“All ready, Ephy?”
“Yas’r—yas’r.”
“Then we’re off.”
The big Ajax started without a jar and moved almost noiselessly off down the road. The engine ran so smoothly that it was hard to imagine anything but an electric motor was driving the machine.
Gerald knew Baltimore and its environs by heart. He did not enter the city immediately, however, but kept to the fine country roads which lay just outside. When a level stretch was reached once, he put her on the high speed, and Jim and Ephraim traveled for a few moments at a pace neither had ever experienced before—even on a railroad train.
Finally, slowing down, Gerald said:
“Now I’ll change places with you, Jim, and you shall run the car.”
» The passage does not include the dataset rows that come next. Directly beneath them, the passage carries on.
(* Assume $A_n$ satisfies (C1) and (C2), and let $(\beta,B)\in\Theta$. Then $$\limsup_{n\to\infty}\frac1n\,\mathbb E_{n,\beta,B}\Big[\sum_{i=1}^n\Big(m_i(\mathbf X)-\sum_{j=1}^nA_n(i,j)\tanh(\beta m_j(\mathbf X)+B)\Big)\Big]^2<\infty.$$
   Context: For each $n$, $A_n$ is a known symmetric $n\times n$ matrix with non-negative entries and zero diagonal. The Ising model is $\mathbb P_{n,\beta,B}(\mathbf X=\mathbf x)=Z_n(\beta,B)^{-1}\exp(\frac{\beta}{2}\mathbf x^\top A_n\mathbf x+B\sum_i x_i)$ on $\{-1,1\}^n$, with expectation $\mathbb E_{n,\beta,B}$. (C1): there is a constant $\gamma<\infty$ with $\max_{i}\sum_{j}A_n(i,j)\le\gamma$ for all $n$; (C2): $\liminf_n\frac1n\sum_{i,j}A_n(i,j)>0$. $\Theta=\{(\beta,B):\beta>0,B\ne0\}$. $m_i(\mathbf x)=\sum_jA_n(i,j)x_j$. *)

From Stdlib Require Import Reals Lra Lia Arith.
Open Scope R_scope.

Fixpoint fsum (n : nat) (f : nat -> R) : R :=
  match n with
  | O => 0
  | S m => fsum m f + f m
  end.

(* Configurations x in {-1,1}^n are encoded by naturals k < 2^n:
   x_i = +1 if bit i of k is set, -1 otherwise. This is a bijection
   between {0,..,2^n-1} and {-1,1}^n. *)
Definition spin (k i : nat) : R := if Nat.testbit k i then 1 else -1.

(* A sequence of interaction matrices: A n i j = A_n(i,j) for i,j < n. *)
Definition Mat := nat -> nat -> nat -> R.

Definition valid_matrices (A : Mat) : Prop :=
  forall n, (forall i j, (i < n)%nat -> (j < n)%nat -> A n i j = A n j i) /\
            (forall i j, (i < n)%nat -> (j < n)%nat -> 0 <= A n i j) /\
            (forall i, (i < n)%nat -> A n i i = 0).

Definition cond_C1 (A : Mat) : Prop :=
  exists gamma : R, forall n i, (i < n)%nat -> fsum n (fun j => A n i j) <= gamma.

(* (C2): liminf_n (1/n) sum_{i,j} A_n(i,j) > 0, i.e. the sequence is
   eventually bounded below by some positive constant. *)
Definition cond_C2 (A : Mat) : Prop :=
  exists c : R, 0 < c /\ exists N : nat, forall n, (N <= n)%nat ->
    c <= / INR n * fsum n (fun i => fsum n (fun j => A n i j)).

Definition mloc (A : Mat) (n k i : nat) : R := fsum n (fun j => A n i j * spin k j).

Definition weight (A : Mat) (n : nat) (beta B : R) (k : nat) : R :=
  exp (beta / 2 * fsum n (fun i => fsum n (fun j => spin k i * A n i j * spin k j))
       + B * fsum n (fun i => spin k i)).

Definition Zn (A : Mat) (n : nat) (beta B : R) : R :=
  fsum (2 ^ n) (fun k => weight A n beta B k).

Definition Expect (A : Mat) (n : nat) (beta B : R) (f : nat -> R) : R :=
  fsum (2 ^ n) (fun k => weight A n beta B k * f k) / Zn A n beta B.

Definition Qstat (A : Mat) (n : nat) (beta B : R) (k : nat) : R :=
  fsum n (fun i => mloc A n k i
                   - fsum n (fun j => A n i j * tanh (beta * mloc A n k j + B))).

From Stdlib Require Import Reals Lra Lia List Permutation.
Open Scope R_scope.

(* Write Q = sum_l c_l D_l, where c_l = sum_i A(i,l) <= gamma is a column sum and
   D_l = X_l - tanh(beta m_l + B).  Pairing each configuration with the one where
   spin j is flipped shows E[D_j g] = 0 whenever g does not depend on X_j.  For
   l <> j, D_l differs from such a g (replace m_l by m_l - A(l,j) X_j) by at most
   beta A(l,j), since tanh is 1-Lipschitz; hence E[D_j D_l] <= 2 beta A(l,j),
   while E[D_j^2] <= 4.  Summing, E[Q^2] <= n (4 gamma^2 + 2 beta gamma^3). *)

Lemma fsum_ext n f g : (forall i, (i < n)%nat -> f i = g i) -> fsum n f = fsum n g.
Proof.
  induction n as [|n IH]; intros Hfg; simpl; auto.
  rewrite IH, Hfg; auto; intros; apply Hfg; lia.
Qed.

Lemma fsum_plus n f g : fsum n (fun i => f i + g i) = fsum n f + fsum n g.
Proof. induction n as [|n IH]; simpl; [ring | rewrite IH; ring]. Qed.

Lemma fsum_minus n f g : fsum n (fun i => f i - g i) = fsum n f - fsum n g.
Proof. induction n as [|n IH]; simpl; [ring | rewrite IH; ring]. Qed.

Lemma fsum_scal_l n c f : fsum n (fun i => c * f i) = c * fsum n f.
Proof. induction n as [|n IH]; simpl; [ring | rewrite IH; ring]. Qed.

Lemma fsum_scal_r n c f : fsum n (fun i => f i * c) = fsum n f * c.
Proof. induction n as [|n IH]; simpl; [ring | rewrite IH; ring]. Qed.

Lemma fsum_const n c : fsum n (fun _ => c) = INR n * c.
Proof. induction n as [|n IH]; simpl fsum; [simpl; ring | rewrite IH, S_INR; ring]. Qed.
The change was quickly effected, Jim being eager to feel the big steering wheel in his grasp, his feet on the pedals in front, with the single thought in his mind that the Ajax was run and controlled by his hand alone.
Gerald explained the points of starting, showing him the three speeds forward and the reverse; how to regulate his spark so as to keep the motor from knocking, especially on heavy grades; then how to advance the spark where the pull was slight, so as to make the motor work cooler and to use less gasoline.
Jim admired Gerald’s thorough knowledge of the car. It showed a side to the boy’s nature that Jim had not suspected—in fact, the Gerald Blank who owned this auto was hardly the same boy who had caused so much dissension on the houseboat the summer before.